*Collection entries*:
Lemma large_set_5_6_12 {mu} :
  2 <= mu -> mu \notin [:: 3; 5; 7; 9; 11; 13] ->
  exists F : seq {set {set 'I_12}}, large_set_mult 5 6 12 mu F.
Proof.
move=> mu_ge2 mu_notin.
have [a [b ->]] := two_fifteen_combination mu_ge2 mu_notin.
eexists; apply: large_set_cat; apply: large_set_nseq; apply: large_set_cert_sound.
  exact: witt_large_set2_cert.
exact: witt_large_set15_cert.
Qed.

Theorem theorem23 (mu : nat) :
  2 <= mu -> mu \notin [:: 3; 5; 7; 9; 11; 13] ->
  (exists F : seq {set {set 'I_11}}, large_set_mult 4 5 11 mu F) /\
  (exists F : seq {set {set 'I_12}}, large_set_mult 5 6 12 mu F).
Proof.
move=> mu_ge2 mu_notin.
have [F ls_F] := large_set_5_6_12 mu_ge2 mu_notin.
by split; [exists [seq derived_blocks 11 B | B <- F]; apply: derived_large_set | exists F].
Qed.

*What is needed*: Return all the lines above exactly as given.

*Problem solution*:
Lemma large_set_5_6_12 {mu} :
  2 <= mu -> mu \notin [:: 3; 5; 7; 9; 11; 13] ->
  exists F : seq {set {set 'I_12}}, large_set_mult 5 6 12 mu F.
Proof.
move=> mu_ge2 mu_notin.
have [a [b ->]] := two_fifteen_combination mu_ge2 mu_notin.
eexists; apply: large_set_cat; apply: large_set_nseq; apply: large_set_cert_sound.
  exact: witt_large_set2_cert.
exact: witt_large_set15_cert.
Qed.

Theorem theorem23 (mu : nat) :
  2 <= mu -> mu \notin [:: 3; 5; 7; 9; 11; 13] ->
  (exists F : seq {set {set 'I_11}}, large_set_mult 4 5 11 mu F) /\
  (exists F : seq {set {set 'I_12}}, large_set_mult 5 6 12 mu F).
Proof.
move=> mu_ge2 mu_notin.
have [F ls_F] := large_set_5_6_12 mu_ge2 mu_notin.
by split; [exists [seq derived_blocks 11 B | B <- F]; apply: derived_large_set | exists F].
Qed.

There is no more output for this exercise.